Your assignment =
For the material below, return exactly the lines starting at the one holding "Lemma norm_detB_le m" and ending at the one holding "apply: eq_bigr => j _; rewrite -normrM.", counting both as part of the range.

[[ Data provided open ]]

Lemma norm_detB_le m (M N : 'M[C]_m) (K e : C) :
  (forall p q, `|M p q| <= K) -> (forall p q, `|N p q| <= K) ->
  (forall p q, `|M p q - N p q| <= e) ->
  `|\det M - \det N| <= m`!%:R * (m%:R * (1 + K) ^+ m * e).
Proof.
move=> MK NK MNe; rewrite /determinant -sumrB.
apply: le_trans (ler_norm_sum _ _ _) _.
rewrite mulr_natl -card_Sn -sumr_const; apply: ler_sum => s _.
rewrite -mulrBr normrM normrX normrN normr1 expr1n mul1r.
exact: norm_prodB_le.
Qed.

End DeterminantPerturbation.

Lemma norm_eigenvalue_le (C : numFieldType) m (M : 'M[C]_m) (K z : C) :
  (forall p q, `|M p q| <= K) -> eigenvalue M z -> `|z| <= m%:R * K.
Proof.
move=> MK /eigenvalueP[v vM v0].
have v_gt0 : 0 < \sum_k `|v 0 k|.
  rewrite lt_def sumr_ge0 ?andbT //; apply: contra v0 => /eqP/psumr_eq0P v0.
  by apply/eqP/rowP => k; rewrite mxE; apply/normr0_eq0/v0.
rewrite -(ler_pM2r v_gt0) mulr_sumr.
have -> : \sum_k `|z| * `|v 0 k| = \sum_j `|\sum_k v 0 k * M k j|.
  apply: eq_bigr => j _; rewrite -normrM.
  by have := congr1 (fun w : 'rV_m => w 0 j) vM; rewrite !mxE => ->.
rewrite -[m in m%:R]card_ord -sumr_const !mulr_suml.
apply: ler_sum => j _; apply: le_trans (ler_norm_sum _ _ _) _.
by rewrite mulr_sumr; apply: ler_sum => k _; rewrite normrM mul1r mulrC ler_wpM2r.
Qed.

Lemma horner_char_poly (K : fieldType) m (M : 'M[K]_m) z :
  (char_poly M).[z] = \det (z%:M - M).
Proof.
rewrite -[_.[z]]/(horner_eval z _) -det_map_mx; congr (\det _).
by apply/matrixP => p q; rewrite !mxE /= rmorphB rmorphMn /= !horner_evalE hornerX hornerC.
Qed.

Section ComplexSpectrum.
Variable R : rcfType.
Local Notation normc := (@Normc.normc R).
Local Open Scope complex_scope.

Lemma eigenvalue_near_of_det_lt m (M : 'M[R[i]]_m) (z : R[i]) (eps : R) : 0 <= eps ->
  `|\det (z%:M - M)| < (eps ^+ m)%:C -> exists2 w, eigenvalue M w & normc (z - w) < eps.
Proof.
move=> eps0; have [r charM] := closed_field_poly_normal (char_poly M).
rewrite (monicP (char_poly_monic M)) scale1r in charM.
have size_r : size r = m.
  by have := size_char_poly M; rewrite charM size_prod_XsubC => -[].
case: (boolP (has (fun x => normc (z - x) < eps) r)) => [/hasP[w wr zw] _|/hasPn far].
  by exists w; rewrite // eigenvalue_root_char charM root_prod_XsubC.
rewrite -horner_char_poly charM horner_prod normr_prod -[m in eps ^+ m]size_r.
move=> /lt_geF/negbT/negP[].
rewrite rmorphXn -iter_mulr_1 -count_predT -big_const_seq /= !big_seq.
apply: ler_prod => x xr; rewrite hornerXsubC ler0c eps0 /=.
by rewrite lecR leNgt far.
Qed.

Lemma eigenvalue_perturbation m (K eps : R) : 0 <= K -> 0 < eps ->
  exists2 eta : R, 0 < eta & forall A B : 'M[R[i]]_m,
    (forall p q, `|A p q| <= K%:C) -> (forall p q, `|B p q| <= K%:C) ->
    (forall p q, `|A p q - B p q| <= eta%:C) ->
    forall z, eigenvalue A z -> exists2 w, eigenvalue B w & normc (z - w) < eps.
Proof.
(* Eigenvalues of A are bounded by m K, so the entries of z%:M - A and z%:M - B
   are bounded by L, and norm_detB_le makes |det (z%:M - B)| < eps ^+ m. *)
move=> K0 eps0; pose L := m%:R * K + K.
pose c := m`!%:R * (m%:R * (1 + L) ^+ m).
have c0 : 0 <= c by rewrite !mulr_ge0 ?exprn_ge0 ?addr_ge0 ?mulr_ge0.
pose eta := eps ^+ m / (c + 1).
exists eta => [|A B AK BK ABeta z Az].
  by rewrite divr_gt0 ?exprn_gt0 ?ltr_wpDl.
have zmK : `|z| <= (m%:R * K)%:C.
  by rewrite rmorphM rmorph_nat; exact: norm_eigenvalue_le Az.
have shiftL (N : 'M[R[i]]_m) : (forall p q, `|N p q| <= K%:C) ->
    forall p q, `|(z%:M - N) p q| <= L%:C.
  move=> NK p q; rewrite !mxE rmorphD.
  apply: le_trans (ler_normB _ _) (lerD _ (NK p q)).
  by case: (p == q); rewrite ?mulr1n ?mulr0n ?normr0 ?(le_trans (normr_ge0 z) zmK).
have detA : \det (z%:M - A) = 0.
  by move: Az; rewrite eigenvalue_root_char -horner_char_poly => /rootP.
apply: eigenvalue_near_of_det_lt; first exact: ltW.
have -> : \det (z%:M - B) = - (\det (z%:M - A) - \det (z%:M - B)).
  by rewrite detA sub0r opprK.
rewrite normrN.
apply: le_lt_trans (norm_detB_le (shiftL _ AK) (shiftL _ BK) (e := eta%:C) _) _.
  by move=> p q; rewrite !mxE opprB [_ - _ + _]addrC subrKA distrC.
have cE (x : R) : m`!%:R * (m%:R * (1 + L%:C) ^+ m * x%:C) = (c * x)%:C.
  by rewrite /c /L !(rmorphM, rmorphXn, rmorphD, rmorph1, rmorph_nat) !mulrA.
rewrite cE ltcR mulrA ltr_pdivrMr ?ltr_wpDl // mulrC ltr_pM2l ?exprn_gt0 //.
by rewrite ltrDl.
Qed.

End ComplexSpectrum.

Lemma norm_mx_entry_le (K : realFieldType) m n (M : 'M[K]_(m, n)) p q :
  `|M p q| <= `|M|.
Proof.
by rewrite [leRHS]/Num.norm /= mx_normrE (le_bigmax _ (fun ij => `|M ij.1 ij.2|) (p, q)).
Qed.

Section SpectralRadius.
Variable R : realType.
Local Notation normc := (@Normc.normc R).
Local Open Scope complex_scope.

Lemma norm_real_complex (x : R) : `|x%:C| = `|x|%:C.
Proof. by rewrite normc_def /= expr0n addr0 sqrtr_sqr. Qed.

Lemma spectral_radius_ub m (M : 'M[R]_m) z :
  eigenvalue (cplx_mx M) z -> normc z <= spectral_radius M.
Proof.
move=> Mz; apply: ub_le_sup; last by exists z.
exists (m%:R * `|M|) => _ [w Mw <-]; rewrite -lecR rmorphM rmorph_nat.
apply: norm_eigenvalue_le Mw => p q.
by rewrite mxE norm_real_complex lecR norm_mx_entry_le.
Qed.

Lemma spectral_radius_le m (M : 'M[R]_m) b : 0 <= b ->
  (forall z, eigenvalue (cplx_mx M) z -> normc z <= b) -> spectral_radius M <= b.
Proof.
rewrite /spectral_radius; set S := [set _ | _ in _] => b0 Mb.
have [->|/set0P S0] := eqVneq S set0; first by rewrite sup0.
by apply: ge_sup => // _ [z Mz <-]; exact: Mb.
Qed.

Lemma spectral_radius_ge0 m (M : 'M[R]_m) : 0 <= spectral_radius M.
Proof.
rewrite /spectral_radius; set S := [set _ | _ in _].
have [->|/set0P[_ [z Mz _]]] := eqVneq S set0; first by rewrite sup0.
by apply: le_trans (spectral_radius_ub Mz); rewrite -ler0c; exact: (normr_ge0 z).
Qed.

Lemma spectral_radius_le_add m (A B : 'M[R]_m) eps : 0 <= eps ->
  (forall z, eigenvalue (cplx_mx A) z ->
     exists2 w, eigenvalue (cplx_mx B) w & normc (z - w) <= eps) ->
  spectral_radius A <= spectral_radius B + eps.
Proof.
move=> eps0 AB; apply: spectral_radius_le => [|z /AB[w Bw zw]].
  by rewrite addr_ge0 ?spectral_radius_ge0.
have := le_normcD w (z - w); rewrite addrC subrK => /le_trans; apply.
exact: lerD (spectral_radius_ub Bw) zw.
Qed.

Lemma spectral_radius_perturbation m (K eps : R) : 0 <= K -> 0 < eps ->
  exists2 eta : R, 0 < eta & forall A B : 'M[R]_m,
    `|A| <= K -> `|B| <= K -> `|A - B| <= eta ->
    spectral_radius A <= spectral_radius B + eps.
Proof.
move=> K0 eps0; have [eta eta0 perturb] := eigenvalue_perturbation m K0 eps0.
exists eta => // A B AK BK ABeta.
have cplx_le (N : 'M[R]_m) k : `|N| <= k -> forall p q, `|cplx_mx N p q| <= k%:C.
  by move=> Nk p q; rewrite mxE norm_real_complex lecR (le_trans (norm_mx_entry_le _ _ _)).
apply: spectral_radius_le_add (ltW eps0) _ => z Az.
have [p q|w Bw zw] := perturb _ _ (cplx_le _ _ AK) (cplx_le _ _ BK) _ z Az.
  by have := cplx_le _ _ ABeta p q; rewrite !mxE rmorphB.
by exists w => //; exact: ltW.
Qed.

[[ Data provided closed ]]
[[ Data provided open ]]

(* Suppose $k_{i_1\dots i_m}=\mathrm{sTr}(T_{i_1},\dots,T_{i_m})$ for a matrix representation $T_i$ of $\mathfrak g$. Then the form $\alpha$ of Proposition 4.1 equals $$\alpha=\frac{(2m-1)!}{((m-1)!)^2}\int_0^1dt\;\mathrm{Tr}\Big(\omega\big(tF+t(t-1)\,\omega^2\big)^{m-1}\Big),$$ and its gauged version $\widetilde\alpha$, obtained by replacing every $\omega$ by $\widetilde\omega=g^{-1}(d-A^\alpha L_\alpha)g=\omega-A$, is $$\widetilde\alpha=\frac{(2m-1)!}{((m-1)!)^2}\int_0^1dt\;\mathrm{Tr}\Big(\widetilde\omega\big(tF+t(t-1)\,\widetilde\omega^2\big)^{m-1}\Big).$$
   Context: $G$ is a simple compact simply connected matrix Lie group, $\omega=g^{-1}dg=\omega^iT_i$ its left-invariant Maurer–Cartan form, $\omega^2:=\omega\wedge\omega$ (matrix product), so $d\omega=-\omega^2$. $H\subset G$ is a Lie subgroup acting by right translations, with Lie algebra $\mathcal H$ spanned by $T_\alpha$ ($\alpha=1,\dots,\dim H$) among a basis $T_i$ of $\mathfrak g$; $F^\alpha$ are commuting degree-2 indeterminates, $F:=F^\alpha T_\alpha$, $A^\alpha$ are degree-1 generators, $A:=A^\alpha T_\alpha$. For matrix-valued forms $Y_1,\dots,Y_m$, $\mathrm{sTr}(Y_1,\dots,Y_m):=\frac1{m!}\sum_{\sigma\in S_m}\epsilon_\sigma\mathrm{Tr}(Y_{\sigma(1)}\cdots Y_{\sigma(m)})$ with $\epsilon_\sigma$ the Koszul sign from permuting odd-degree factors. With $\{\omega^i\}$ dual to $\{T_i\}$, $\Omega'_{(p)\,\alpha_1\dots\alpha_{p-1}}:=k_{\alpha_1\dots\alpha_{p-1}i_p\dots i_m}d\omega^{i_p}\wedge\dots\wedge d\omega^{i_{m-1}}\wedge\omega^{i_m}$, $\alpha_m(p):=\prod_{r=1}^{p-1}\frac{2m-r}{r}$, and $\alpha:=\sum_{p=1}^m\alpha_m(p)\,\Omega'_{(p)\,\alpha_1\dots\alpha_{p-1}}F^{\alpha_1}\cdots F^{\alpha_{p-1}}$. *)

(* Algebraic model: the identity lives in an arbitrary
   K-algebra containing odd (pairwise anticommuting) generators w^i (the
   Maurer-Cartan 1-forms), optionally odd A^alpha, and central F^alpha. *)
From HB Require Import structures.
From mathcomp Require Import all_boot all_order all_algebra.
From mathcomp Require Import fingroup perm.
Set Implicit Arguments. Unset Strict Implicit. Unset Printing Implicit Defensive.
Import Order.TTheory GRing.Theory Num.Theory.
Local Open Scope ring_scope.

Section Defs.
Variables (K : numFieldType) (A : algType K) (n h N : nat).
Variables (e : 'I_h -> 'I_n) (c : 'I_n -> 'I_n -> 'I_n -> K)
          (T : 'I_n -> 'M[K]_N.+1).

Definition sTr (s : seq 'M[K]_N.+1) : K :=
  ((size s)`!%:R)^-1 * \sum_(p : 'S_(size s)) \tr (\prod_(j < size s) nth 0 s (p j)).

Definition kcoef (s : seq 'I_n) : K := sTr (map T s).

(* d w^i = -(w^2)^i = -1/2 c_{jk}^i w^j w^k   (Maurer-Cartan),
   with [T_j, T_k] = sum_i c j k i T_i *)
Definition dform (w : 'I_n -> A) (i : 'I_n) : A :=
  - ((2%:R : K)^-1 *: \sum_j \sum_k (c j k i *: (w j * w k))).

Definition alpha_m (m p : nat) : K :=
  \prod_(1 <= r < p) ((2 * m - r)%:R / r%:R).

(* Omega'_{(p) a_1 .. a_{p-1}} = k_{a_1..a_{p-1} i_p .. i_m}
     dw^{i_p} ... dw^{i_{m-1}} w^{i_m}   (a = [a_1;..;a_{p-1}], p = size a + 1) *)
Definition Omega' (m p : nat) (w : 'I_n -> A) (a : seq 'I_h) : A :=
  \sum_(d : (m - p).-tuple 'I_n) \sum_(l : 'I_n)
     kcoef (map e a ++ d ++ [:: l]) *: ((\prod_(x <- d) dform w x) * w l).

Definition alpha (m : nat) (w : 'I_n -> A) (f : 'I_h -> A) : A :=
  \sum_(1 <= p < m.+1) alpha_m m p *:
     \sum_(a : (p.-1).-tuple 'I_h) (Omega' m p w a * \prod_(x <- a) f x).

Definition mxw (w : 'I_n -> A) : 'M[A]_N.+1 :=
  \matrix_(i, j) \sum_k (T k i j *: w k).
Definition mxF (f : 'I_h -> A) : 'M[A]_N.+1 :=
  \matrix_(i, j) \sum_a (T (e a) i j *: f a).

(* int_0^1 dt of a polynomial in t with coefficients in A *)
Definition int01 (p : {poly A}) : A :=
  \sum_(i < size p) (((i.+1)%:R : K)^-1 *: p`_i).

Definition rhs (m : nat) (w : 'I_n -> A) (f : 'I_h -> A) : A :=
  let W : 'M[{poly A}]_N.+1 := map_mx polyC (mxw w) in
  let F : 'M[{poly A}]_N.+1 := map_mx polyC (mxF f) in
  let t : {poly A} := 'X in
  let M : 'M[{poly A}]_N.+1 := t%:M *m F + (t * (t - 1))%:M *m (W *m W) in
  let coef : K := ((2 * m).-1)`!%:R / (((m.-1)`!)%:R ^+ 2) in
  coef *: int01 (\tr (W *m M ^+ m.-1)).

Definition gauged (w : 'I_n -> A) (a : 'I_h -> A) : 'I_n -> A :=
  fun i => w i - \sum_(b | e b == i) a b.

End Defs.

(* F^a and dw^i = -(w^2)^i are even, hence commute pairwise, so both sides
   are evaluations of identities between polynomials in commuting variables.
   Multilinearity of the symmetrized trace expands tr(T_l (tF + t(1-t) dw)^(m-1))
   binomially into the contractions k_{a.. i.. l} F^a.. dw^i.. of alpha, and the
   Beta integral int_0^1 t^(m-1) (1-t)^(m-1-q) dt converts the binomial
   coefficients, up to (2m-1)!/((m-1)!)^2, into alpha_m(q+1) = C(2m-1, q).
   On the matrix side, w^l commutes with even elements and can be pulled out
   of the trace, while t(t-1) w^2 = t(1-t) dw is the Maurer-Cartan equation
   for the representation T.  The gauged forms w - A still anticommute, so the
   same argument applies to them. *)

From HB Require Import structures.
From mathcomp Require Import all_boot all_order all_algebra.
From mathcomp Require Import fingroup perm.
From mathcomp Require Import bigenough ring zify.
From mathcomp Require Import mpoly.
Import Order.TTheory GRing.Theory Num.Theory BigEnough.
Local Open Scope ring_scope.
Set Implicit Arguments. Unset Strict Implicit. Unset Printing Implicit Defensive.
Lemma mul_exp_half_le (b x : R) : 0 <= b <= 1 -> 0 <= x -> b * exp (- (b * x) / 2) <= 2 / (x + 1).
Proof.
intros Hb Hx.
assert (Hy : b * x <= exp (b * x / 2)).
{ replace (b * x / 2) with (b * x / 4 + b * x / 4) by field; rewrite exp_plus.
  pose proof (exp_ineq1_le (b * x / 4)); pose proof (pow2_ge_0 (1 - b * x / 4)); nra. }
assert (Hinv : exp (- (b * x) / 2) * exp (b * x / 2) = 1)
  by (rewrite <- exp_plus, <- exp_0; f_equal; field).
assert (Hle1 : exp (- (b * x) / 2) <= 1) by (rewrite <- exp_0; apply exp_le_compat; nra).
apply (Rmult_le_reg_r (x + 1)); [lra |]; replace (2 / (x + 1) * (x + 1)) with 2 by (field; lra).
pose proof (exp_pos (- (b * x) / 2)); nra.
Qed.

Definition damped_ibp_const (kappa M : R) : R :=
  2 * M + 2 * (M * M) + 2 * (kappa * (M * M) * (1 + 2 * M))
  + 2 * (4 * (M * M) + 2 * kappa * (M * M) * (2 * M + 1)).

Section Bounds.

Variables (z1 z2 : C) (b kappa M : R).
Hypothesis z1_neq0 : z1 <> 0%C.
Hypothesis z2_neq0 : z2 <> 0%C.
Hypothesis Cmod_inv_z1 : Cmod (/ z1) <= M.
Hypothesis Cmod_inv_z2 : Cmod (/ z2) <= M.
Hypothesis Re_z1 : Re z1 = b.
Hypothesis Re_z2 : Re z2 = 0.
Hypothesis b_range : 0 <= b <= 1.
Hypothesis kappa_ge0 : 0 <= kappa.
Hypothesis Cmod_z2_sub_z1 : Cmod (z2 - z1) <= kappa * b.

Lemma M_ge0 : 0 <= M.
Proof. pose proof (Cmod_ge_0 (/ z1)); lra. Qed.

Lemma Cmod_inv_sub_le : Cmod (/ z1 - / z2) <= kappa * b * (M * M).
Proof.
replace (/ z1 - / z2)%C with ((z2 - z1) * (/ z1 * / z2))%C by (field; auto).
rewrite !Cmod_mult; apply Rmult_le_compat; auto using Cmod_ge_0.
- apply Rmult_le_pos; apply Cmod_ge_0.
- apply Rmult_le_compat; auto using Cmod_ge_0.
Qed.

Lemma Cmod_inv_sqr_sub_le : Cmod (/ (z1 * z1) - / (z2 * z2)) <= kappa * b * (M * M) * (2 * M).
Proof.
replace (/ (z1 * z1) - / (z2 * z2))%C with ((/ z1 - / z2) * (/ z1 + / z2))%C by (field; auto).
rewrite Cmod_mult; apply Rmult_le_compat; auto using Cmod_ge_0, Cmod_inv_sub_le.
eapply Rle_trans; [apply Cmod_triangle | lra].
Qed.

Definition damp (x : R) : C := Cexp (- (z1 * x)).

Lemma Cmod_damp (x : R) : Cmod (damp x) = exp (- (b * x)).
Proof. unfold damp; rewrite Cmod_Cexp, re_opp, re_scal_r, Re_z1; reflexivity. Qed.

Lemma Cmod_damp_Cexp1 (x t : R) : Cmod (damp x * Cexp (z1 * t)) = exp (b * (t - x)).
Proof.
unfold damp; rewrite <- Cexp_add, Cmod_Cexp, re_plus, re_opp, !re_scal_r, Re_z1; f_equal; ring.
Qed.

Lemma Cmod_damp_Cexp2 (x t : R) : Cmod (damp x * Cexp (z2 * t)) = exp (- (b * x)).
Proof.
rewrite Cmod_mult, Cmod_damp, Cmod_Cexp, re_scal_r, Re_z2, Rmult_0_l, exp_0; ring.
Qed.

[[ Data provided closed ]]
[[ Data provided open ]]

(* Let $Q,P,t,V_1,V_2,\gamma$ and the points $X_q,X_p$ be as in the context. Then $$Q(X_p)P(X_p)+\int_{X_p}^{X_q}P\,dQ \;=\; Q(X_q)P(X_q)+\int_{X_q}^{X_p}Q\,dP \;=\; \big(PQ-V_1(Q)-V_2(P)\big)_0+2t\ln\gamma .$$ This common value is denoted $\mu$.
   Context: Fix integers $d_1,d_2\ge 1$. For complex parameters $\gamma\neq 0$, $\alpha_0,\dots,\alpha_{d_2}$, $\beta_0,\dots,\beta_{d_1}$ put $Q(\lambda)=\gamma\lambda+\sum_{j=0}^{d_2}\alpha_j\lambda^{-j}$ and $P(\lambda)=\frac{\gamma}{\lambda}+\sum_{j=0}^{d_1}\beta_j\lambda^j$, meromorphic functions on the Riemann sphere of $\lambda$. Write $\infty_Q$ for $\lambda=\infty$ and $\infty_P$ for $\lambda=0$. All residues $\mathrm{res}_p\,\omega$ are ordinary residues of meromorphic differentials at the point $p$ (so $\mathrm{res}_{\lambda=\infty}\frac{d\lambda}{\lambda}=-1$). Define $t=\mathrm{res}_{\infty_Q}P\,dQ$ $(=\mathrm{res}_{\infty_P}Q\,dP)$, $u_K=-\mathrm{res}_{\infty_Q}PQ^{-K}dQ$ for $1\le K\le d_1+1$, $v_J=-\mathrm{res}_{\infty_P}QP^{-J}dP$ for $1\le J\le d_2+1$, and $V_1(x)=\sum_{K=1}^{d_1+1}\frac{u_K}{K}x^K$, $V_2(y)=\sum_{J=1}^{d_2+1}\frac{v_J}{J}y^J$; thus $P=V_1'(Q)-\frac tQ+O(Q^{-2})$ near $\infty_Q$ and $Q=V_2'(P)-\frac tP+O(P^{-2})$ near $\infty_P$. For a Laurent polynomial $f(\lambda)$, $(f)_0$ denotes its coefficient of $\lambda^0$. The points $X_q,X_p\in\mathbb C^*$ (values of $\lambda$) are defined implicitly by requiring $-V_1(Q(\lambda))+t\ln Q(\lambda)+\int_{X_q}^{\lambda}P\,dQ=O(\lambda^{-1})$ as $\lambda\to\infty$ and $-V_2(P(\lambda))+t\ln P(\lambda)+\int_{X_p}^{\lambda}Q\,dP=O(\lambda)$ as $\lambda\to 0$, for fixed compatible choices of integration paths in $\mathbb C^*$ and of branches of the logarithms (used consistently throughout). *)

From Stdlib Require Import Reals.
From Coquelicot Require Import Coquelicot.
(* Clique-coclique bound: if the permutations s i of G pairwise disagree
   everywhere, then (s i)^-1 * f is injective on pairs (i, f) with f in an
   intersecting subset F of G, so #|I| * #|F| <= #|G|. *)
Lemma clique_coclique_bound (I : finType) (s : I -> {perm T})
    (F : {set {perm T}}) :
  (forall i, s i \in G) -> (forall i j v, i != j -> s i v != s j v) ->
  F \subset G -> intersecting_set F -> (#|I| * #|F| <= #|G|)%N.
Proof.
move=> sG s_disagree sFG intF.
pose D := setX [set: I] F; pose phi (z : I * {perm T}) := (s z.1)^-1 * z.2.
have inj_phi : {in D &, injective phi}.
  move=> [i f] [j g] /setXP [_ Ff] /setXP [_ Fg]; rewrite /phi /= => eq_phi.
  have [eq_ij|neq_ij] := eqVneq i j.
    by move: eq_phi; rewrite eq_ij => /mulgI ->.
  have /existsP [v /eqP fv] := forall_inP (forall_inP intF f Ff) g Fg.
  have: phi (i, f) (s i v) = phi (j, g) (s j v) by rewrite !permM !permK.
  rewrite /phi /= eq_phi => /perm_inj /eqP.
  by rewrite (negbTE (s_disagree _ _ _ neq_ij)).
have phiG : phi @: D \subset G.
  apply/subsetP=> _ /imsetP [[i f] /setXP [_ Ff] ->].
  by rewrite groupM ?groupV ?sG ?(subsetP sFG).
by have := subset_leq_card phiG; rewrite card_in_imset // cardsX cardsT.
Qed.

[[ Data provided closed ]]

Response area =
Lemma norm_detB_le m (M N : 'M[C]_m) (K e : C) :
  (forall p q, `|M p q| <= K) -> (forall p q, `|N p q| <= K) ->
  (forall p q, `|M p q - N p q| <= e) ->
  `|\det M - \det N| <= m`!%:R * (m%:R * (1 + K) ^+ m * e).
Proof.
move=> MK NK MNe; rewrite /determinant -sumrB.
apply: le_trans (ler_norm_sum _ _ _) _.
rewrite mulr_natl -card_Sn -sumr_const; apply: ler_sum => s _.
rewrite -mulrBr normrM normrX normrN normr1 expr1n mul1r.
exact: norm_prodB_le.
Qed.

End DeterminantPerturbation.

Lemma norm_eigenvalue_le (C : numFieldType) m (M : 'M[C]_m) (K z : C) :
  (forall p q, `|M p q| <= K) -> eigenvalue M z -> `|z| <= m%:R * K.
Proof.
move=> MK /eigenvalueP[v vM v0].
have v_gt0 : 0 < \sum_k `|v 0 k|.
  rewrite lt_def sumr_ge0 ?andbT //; apply: contra v0 => /eqP/psumr_eq0P v0.
  by apply/eqP/rowP => k; rewrite mxE; apply/normr0_eq0/v0.
rewrite -(ler_pM2r v_gt0) mulr_sumr.
have -> : \sum_k `|z| * `|v 0 k| = \sum_j `|\sum_k v 0 k * M k j|.
  apply: eq_bigr => j _; rewrite -normrM.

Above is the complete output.